Gone Girl scored with both audiences and critics this weekend, pulling in over $37 million at the US box office while earning an 87% approval rating on Rotten Tomato. Why? I can’t deny the draw of possible Ben Affleck/Batpeen (it looks brooding, doesn’t it?), but it’s more likely that Gone Girl‘s success was born from a mix of Oscar buzz, abundant marketing, dark subject matter, and the interest sparked by director David Fincher’s marquee name and writer Gillian Flynn’s words. Both from her novel and the screenplay that she also penned. Now, HBO’s Utopia is hoping to bank on some of those same assets to build HBO’s next great drama.
Gone Girl, the new movie directed by David Fincher and adapted by Gillian Flynn from her best-selling novel of the same name, has just arrived in theaters, but the pair already have another project in the works. The two are collaborating on a remake of Utopia, the critically acclaimed British conspiracy thriller series created by Dennis Kelly, for HBO.
The series, which received a series order in February, is going to have something in common with fellow HBO series True Detective — in its first year, at least, it’s going to have a single writer and a single director. Fincher told the Guardian earlier this week that he’s planning to direct all of the episodes. Flynn has confirmed to BuzzFeed News that she’s writing all the episodes.
Obviously, David Fincher and Gillian Flynn’s pre-existing working relationship bodes well for this collaboration about a mysterious graphic novel, but it has to be a little strange for Flynn to be adapting someone else’s work this time around.
Fincher said, “I don’t want a big writers room, I want a voice,” Flynn said, adding that Kelly, the creator of the original Utopia, “could not have been more gracious” about her giving the remake her own spin. “I was worried, when I sent him the outline, that he was going to be like, my baby, what have you done?!” Instead, she says, he told her to “keep what works for it and get rid of what doesn’t — otherwise what’s the point of redoing it?”

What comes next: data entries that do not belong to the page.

Lemma monotone_graph_between c lt x t y :
  0 <= c -> strict_linear_order_on (graph I f) lt ->
  (forall p q r, graph I f p -> graph I f q -> graph I f r -> lt p q -> lt q r ->
     dist2 p q <= c * dist2 p r) ->
  I x -> I y -> x < t < y ->
  (lt (g x) (g t) /\ lt (g t) (g y)) \/ (lt (g y) (g t) /\ lt (g t) (g x)).
Proof.
  intros hc [_ [_ htot]] hmono hx hy hxty.
  assert (hIxy : forall s, x <= s <= y -> I s) by (intros s hs; apply (I_interval x y); auto).
  assert (hG : forall s, x <= s <= y -> graph I f (g s))
    by (intros s hs; apply graph_point, hIxy, hs).
  assert (hcross : forall m a b s s', x <= m <= y -> x <= a <= b -> b <= y ->
            ~ (a <= m <= b) -> a <= s <= b -> a <= s' <= b ->
            lt (g s) (g m) -> lt (g m) (g s') -> False).
  { intros m a b s s' hm ha hb hmab.
    apply (monotone_path_no_crossing (graph I f) lt c hc htot hmono I g); auto.
    - exact (graph_path_continuous I f f_continuous).
    - apply hIxy; lra.
    - apply hIxy; lra.
    - intros u hu. split; [apply hG; lra | apply graph_point_inj; lra]. }
  assert (hneq : forall s s', x <= s <= y -> x <= s' <= y -> s <> s' ->
            lt (g s) (g s') \/ lt (g s') (g s))
    by (intros s s' hs hs' hne; apply htot; auto using graph_point_inj).
  destruct (hneq x y ltac:(lra) ltac:(lra) ltac:(lra)) as [hxy | hyx].
  - left. split.
    + destruct (hneq x t ltac:(lra) ltac:(lra) ltac:(lra)) as [| htx]; auto.
      exfalso. apply (hcross x t y t y); auto; lra.
    + destruct (hneq t y ltac:(lra) ltac:(lra) ltac:(lra)) as [| hyt]; auto.
      exfalso. apply (hcross y x t x t); auto; lra.
  - right. split.
    + destruct (hneq y t ltac:(lra) ltac:(lra) ltac:(lra)) as [| hty]; auto.
      exfalso. apply (hcross y x t t x); auto; lra.
    + destruct (hneq t x ltac:(lra) ltac:(lra) ltac:(lra)) as [| hxt]; auto.
      exfalso. apply (hcross x t y y t); auto; lra.
Qed.

Lemma c_monotone_graph_cond_P c : 0 <= c -> c_monotone (graph I f) c -> cond_P I f c.
Proof.
  intros hc [lt [hord hmono]] x y hx hy hxy hfxy t ht.
  assert (hdist : dist2 (g x) (g y) = Rabs (x - y))
    by (unfold g; rewrite hfxy; apply dist2_same_snd).
  assert (hbound : 0 <= c * Rabs (x - y)) by (apply Rmult_le_pos; auto using Rabs_pos).
  destruct (Req_dec t x) as [-> | htx].
  { rewrite Rminus_diag, Rabs_R0. exact hbound. }
  destruct (Req_dec t y) as [-> | hty].
  { rewrite hfxy, Rminus_diag, Rabs_R0. exact hbound. }
  assert (hIt : I t) by (apply (I_interval x y); auto).
  destruct (monotone_graph_between c lt x t y) as [[hxt hty'] | [hyt htx']];
    auto; try lra.
  - pose proof (Rabs_snd_le_dist2 (g x) (g t)) as hft.
    pose proof (hmono _ _ _ (graph_point x hx) (graph_point t hIt) (graph_point y hy)
      hxt hty') as hmid.
    rewrite hdist in hmid. simpl in hft. lra.
  - pose proof (Rabs_snd_le_dist2 (g y) (g t)) as hft.
    pose proof (hmono _ _ _ (graph_point y hy) (graph_point t hIt) (graph_point x hx)
      hyt htx') as hmid.
    rewrite (dist2_sym (g y) (g x)), hdist in hmid. simpl in hft. rewrite hfxy. lra.
Qed.

Lemma cond_P_level_left a x y z : cond_P I f a -> 0 <= a ->
  I x -> I z -> x < y <= z -> between (f y) (f x) (f z) ->
  Rabs (f y - f x) <= a * (z - x).
Proof.
  intros hP ha hx hz hxyz hlevel.
  assert (hy : I y) by (apply (I_interval x z); auto; lra).
  destruct (continuous_on_ivt I f y z (f x)) as [s [hs hfs]]; auto; try lra.
  assert (hIs : I s) by (apply (I_interval y z); auto).
  pose proof (hP x s hx hIs ltac:(lra) (eq_sym hfs) y ltac:(lra)) as hbound.
  rewrite Rabs_minus_sym, (Rabs_left (x - s)) in hbound by lra.
  assert (a * - (x - s) <= a * (z - x)) by (apply Rmult_le_compat_l; lra).
  lra.
Qed.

Gillian Flynn’s name was linked to the Utopia adaptation back in February, but the absence of other “voices” is a new development and it’s quite a vote of confidence for Flynn. Unlike David Fincher, who produces and directed the first two episodes of Netflix’s House of Cards (another UK adaptation), Flynn comes to Utopia with no experience working on the production side of television. She was a TV critic at Entertainment Weekly for a time, though, so I’m sure she’ll get a real kick out of jealous critics like myself who will savage her work with one hand whilst caressing their tightly bound and unwanted manuscripts with the other. Mine is called The Desolation of the Embittered House Painter, by the way.
As of right now, there is no firm date set for when I’ll get to judge Flynn’s work.